Saved data entries
────────────────────

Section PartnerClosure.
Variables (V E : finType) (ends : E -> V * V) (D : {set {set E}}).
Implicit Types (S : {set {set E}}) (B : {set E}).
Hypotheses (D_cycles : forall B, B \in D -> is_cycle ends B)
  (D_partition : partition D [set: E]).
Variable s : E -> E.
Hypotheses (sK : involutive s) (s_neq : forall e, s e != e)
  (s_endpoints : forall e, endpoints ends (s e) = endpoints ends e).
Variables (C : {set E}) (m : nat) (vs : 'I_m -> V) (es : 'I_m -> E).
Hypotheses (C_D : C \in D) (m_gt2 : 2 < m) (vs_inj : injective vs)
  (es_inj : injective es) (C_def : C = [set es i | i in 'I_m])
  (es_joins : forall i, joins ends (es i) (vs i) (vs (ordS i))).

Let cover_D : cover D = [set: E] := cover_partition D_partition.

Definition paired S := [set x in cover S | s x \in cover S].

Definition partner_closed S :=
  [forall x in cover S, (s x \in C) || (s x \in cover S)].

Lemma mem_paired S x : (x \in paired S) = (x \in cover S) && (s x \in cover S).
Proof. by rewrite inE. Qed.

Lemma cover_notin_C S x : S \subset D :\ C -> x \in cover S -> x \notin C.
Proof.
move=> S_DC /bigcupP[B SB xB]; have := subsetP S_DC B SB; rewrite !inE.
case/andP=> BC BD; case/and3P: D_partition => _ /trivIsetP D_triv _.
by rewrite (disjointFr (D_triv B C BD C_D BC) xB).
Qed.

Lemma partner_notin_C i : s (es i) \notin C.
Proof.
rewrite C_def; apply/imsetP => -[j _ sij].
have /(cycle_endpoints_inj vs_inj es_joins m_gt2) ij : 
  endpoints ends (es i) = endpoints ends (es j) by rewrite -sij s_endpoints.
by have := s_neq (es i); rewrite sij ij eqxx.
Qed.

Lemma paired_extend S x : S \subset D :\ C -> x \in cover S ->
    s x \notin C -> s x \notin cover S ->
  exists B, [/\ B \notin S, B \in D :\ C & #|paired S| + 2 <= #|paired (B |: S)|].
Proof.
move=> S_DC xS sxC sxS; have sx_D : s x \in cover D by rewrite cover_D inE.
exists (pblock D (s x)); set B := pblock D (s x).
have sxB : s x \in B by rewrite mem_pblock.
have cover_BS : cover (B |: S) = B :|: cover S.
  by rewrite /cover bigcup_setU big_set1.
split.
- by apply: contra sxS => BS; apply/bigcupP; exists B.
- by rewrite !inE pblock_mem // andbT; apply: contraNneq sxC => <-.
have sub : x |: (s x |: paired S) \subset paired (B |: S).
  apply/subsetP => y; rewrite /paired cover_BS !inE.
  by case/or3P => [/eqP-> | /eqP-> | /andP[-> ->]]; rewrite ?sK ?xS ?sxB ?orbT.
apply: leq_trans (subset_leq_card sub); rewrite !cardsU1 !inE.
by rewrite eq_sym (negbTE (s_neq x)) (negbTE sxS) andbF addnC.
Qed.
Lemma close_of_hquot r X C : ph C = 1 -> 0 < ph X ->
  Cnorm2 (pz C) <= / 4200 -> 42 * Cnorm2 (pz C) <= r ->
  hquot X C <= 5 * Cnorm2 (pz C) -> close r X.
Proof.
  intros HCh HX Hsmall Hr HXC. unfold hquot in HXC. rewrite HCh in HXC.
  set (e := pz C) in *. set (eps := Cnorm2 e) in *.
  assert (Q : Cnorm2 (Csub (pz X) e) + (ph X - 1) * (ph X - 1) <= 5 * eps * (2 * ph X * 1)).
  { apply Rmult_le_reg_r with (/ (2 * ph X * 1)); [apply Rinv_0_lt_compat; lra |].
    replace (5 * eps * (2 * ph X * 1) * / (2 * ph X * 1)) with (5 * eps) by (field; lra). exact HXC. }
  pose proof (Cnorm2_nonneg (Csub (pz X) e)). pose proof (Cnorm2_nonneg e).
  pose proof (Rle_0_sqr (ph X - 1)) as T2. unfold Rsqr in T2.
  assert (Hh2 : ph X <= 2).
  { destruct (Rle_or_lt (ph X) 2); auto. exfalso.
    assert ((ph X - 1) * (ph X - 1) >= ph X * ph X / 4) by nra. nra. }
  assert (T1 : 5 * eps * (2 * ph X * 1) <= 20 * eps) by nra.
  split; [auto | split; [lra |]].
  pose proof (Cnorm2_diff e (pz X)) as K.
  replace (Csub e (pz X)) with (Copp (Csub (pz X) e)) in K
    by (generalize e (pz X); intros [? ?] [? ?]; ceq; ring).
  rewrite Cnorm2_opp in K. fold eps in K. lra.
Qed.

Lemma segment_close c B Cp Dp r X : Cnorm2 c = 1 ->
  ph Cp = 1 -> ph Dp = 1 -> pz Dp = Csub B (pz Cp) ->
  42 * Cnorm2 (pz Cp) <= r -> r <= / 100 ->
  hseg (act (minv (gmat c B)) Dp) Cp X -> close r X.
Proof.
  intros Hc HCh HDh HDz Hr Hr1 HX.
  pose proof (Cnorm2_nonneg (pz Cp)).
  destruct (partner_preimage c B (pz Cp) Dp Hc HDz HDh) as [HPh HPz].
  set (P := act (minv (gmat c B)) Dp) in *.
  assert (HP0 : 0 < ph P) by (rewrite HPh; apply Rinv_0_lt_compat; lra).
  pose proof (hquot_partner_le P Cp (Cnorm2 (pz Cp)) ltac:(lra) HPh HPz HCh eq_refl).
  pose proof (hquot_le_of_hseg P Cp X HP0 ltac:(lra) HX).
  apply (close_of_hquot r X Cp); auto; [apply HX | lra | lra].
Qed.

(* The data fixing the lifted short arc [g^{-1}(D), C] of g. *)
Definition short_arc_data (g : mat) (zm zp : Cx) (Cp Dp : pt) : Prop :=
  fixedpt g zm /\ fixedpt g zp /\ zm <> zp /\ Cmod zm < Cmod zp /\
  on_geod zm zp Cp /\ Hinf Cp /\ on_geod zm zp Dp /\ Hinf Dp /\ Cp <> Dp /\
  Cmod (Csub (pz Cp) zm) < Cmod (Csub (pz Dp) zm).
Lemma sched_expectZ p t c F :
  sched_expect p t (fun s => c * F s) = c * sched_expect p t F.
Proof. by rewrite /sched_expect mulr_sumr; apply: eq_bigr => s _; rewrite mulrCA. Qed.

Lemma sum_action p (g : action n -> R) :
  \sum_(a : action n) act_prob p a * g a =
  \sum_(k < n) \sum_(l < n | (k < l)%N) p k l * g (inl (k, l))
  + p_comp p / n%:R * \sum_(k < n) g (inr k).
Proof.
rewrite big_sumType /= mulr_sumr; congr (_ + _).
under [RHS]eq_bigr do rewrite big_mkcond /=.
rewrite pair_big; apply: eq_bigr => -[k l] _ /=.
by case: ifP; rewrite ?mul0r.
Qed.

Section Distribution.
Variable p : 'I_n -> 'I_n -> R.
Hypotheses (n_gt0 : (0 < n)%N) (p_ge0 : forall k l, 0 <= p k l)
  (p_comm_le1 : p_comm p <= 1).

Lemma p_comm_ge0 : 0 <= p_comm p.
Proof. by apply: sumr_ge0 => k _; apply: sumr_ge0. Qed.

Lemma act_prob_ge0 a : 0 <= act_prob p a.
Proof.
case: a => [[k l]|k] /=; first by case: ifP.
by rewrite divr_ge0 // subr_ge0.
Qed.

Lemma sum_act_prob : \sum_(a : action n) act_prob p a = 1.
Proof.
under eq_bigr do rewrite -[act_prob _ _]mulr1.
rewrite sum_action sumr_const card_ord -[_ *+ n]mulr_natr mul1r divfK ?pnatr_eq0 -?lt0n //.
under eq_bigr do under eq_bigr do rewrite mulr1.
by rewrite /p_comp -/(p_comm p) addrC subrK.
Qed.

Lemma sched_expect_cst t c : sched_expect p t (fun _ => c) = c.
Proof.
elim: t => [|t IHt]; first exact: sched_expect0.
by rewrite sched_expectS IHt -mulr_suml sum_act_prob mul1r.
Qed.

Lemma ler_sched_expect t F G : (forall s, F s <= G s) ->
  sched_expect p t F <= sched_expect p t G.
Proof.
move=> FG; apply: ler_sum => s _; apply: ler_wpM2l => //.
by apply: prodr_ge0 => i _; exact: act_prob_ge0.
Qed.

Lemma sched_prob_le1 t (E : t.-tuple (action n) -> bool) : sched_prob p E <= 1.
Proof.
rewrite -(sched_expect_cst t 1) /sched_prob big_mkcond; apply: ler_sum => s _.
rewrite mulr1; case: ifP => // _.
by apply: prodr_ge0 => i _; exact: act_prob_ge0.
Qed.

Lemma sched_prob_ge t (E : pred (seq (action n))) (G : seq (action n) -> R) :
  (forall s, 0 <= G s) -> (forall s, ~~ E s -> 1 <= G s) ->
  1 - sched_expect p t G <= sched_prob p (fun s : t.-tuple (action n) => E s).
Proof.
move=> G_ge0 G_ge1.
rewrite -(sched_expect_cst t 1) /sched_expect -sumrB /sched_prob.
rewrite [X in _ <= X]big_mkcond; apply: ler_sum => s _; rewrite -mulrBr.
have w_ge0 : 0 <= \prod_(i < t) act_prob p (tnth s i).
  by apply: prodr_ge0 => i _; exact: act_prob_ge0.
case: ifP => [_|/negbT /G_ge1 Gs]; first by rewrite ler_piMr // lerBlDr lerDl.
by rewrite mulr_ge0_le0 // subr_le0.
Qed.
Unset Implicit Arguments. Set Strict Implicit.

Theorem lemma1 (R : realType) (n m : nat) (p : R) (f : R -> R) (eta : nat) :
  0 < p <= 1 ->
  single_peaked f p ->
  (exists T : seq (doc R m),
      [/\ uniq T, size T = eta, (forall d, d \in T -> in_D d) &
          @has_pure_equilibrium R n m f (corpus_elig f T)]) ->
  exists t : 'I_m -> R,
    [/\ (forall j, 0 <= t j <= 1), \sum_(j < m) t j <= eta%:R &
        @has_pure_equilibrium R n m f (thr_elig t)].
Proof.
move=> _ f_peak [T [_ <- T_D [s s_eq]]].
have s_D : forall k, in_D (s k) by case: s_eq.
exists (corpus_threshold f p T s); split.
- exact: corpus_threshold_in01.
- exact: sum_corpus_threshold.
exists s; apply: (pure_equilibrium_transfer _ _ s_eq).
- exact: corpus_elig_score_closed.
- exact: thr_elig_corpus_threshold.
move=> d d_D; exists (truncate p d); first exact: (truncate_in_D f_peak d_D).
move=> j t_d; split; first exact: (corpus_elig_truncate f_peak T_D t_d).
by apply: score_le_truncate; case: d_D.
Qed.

────────────────────

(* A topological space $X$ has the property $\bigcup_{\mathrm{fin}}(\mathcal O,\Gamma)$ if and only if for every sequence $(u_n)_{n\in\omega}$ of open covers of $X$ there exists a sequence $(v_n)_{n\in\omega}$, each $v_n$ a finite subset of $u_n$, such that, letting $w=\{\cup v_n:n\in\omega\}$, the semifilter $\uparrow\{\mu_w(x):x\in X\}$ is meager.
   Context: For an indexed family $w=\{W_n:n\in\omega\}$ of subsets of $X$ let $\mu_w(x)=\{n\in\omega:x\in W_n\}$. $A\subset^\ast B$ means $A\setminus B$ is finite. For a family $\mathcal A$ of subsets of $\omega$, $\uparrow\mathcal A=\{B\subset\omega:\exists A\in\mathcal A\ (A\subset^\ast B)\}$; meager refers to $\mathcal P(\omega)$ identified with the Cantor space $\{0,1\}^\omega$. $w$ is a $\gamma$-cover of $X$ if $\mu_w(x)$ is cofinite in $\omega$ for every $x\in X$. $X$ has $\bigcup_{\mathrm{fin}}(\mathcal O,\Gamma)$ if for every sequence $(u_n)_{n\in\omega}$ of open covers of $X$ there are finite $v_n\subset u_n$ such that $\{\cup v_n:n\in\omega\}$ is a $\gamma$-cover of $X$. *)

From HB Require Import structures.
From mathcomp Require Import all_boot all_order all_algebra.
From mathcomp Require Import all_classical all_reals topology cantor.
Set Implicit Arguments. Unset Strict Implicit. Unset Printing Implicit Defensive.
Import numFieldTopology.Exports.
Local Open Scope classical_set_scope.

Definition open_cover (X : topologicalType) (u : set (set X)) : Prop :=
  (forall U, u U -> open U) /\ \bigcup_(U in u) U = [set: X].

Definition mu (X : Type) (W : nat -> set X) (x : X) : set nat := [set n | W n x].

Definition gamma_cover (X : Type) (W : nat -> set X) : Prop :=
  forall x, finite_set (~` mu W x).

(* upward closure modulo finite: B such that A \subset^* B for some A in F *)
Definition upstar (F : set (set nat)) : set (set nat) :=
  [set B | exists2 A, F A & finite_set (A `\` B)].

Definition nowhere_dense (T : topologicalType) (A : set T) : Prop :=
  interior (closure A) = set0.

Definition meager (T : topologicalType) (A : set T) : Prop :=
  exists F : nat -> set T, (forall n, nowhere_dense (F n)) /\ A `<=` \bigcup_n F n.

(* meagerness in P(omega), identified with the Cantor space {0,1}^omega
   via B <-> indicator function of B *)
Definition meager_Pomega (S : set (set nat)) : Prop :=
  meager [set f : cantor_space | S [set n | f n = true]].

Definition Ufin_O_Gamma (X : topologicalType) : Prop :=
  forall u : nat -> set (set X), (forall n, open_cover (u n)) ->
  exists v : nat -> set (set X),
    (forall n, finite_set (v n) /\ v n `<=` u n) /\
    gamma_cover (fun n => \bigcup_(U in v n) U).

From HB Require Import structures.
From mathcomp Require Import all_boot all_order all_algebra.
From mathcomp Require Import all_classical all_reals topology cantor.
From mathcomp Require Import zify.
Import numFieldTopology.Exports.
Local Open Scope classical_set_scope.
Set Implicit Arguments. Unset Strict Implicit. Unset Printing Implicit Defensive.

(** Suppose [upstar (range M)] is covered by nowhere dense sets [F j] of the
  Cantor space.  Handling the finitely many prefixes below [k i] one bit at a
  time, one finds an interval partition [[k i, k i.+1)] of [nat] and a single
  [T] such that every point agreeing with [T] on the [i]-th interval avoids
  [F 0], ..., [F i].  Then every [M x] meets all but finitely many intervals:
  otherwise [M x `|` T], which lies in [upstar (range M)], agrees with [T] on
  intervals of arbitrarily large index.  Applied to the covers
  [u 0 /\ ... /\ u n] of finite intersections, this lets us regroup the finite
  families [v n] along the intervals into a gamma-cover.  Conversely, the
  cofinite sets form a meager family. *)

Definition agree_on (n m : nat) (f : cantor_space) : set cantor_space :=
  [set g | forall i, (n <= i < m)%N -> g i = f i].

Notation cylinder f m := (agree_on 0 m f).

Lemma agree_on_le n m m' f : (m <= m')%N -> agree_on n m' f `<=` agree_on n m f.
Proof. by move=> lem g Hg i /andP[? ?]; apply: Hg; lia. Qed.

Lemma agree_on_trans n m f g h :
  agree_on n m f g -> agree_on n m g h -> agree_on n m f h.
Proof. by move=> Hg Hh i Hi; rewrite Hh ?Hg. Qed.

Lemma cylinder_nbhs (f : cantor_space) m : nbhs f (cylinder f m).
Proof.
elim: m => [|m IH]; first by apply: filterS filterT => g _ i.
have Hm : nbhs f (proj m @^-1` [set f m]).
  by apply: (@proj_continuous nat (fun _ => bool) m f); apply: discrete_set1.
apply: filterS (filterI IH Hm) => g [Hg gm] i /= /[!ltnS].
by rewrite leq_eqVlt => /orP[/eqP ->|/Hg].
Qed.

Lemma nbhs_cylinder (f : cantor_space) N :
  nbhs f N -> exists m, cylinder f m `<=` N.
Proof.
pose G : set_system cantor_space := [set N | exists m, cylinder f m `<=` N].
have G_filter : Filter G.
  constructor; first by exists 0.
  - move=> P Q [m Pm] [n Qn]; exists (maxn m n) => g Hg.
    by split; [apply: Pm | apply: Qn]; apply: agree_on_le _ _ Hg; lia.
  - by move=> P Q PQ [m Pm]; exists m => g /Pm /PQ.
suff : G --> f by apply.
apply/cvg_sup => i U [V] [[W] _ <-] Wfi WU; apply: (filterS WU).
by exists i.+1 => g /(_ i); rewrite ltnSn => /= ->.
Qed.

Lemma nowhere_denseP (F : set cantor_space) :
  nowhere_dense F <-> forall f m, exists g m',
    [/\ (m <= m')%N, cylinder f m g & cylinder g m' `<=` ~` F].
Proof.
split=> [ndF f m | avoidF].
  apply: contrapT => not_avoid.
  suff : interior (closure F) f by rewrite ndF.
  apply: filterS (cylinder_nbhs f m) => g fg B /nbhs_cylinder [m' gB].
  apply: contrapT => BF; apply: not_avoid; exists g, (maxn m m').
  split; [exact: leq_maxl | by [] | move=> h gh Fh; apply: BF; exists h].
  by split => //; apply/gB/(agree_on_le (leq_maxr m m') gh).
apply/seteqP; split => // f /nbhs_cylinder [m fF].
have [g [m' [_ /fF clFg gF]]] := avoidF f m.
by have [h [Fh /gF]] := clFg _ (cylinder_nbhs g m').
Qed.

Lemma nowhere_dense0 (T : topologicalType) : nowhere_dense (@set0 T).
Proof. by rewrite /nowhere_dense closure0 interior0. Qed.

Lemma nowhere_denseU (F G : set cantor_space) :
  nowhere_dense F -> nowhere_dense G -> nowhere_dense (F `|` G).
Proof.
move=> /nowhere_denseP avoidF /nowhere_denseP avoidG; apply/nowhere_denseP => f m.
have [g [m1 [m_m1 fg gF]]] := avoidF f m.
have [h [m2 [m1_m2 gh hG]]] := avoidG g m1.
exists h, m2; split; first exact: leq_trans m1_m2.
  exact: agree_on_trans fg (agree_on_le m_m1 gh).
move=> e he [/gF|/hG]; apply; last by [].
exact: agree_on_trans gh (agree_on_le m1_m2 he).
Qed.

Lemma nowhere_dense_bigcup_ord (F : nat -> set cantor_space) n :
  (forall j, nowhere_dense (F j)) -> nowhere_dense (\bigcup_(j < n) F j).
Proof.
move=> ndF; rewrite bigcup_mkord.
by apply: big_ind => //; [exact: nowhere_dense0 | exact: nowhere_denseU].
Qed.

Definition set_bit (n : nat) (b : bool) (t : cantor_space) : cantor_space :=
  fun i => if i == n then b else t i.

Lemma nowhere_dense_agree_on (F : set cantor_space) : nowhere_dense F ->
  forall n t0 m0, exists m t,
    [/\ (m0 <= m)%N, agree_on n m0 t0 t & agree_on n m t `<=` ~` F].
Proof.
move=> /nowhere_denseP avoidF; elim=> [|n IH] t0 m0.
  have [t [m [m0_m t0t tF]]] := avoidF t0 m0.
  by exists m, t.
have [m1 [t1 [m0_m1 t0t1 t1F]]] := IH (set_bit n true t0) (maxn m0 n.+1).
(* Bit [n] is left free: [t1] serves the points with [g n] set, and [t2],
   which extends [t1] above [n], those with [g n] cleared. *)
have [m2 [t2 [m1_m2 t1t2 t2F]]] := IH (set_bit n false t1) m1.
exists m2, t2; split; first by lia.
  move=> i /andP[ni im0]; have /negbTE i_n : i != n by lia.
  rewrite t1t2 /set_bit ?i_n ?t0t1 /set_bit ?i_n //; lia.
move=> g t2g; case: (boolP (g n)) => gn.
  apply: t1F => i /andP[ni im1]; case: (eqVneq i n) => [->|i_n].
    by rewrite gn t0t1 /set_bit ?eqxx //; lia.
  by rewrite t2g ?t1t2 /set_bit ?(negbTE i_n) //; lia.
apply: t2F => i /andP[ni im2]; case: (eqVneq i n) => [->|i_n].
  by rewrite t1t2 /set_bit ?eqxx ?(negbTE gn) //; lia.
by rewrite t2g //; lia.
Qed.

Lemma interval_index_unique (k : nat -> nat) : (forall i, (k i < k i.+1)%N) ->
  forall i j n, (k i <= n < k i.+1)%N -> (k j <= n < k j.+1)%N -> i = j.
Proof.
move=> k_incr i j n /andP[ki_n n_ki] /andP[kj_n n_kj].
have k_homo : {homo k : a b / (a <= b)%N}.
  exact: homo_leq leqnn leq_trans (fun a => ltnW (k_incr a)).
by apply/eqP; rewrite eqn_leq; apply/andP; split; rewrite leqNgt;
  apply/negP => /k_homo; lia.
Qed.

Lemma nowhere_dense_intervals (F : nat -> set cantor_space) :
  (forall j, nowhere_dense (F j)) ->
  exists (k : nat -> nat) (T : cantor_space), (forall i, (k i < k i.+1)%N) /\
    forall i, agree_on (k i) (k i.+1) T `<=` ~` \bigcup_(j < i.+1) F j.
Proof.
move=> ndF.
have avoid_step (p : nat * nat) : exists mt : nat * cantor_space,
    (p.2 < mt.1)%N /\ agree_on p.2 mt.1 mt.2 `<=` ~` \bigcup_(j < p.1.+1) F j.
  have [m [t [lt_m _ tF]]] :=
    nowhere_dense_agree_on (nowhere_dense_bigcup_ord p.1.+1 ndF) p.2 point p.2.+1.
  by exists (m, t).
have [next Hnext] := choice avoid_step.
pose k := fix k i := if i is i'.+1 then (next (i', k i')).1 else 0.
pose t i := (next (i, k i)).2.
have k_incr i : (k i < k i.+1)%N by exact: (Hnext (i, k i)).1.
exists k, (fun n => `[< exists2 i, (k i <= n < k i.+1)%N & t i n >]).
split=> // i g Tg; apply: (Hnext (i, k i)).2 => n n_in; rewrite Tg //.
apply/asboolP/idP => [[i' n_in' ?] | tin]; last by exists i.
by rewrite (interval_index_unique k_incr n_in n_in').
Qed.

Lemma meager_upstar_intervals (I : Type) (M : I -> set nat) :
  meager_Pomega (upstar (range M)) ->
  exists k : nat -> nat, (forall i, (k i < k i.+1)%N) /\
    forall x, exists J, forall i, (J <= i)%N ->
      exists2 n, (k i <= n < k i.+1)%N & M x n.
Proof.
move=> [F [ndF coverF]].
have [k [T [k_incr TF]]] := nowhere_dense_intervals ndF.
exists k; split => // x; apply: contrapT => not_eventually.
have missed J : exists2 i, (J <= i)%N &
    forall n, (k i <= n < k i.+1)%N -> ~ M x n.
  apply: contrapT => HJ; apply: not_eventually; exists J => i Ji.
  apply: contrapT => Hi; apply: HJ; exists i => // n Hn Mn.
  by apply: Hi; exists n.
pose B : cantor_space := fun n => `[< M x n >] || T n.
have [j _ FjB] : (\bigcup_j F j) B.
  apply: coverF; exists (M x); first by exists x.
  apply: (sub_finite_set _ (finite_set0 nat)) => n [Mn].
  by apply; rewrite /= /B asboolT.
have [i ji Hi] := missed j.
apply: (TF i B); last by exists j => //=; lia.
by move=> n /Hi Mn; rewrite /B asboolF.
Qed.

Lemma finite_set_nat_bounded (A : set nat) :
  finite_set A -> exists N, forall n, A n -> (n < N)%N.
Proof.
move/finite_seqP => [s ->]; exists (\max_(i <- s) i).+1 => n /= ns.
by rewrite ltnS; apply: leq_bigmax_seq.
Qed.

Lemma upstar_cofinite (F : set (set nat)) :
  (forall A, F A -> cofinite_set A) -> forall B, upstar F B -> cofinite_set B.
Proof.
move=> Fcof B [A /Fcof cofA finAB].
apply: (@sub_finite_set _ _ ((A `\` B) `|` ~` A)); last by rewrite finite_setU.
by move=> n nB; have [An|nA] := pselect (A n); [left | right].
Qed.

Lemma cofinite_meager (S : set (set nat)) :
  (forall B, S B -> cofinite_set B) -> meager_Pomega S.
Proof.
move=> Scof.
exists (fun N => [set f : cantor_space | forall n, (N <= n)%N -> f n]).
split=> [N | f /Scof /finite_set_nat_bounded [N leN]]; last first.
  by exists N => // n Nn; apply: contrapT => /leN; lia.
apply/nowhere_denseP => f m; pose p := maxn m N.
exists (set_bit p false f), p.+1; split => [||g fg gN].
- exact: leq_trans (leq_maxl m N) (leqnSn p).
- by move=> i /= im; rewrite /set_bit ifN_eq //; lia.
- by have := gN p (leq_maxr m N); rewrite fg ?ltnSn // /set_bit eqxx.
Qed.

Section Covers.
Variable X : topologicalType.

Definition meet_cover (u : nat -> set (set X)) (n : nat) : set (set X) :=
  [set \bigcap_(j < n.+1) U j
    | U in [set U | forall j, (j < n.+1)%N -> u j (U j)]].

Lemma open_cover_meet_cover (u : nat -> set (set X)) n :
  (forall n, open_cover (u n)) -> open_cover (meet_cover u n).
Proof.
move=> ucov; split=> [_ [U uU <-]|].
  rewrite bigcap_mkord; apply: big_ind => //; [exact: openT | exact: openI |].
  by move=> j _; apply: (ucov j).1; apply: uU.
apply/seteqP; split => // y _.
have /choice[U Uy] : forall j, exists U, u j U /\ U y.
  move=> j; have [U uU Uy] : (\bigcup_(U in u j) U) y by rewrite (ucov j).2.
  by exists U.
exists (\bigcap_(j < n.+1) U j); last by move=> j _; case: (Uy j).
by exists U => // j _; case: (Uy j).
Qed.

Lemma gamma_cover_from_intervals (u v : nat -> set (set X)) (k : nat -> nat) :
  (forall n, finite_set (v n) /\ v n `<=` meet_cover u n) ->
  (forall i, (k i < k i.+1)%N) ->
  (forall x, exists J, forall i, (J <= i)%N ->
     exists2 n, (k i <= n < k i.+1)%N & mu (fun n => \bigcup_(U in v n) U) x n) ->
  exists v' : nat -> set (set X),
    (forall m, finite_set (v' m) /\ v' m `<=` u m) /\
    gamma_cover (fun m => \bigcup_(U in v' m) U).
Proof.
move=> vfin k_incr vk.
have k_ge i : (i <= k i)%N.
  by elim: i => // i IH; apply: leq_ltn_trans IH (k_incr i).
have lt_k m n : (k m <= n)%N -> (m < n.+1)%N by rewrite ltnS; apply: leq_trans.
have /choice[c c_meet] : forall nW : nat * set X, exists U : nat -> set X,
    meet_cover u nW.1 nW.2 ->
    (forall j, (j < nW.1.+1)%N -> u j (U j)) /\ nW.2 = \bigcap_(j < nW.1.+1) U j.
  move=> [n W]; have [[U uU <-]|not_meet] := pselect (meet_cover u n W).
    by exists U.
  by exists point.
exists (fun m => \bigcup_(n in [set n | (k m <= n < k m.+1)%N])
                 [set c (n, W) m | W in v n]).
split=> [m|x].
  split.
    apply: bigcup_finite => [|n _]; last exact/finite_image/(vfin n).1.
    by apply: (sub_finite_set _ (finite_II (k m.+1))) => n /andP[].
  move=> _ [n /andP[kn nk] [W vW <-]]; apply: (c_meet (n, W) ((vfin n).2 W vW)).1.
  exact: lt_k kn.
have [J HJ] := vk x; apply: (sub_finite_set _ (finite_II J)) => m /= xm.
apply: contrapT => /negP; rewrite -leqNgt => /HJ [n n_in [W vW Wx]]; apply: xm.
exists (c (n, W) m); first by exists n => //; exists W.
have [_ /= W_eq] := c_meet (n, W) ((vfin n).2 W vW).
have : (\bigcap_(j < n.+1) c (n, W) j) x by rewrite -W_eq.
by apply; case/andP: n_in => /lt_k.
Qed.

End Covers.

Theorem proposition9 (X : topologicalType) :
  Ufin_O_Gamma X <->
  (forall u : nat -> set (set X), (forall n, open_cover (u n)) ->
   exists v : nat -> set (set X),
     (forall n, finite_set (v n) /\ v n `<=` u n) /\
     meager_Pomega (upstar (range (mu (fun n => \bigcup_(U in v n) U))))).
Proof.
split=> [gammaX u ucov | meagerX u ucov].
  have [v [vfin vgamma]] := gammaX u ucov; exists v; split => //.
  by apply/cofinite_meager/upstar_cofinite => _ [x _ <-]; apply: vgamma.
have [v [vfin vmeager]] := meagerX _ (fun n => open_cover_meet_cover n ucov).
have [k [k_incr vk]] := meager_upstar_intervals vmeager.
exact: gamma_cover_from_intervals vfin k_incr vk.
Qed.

────────────────────

[Task instructions]
Look through the records and gather each line with the word "negP".

[Written answer]
  apply/negP => /k_homo; lia.
apply: contrapT => /negP; rewrite -leqNgt => /HJ [n n_in [W vW Wx]]; apply: xm.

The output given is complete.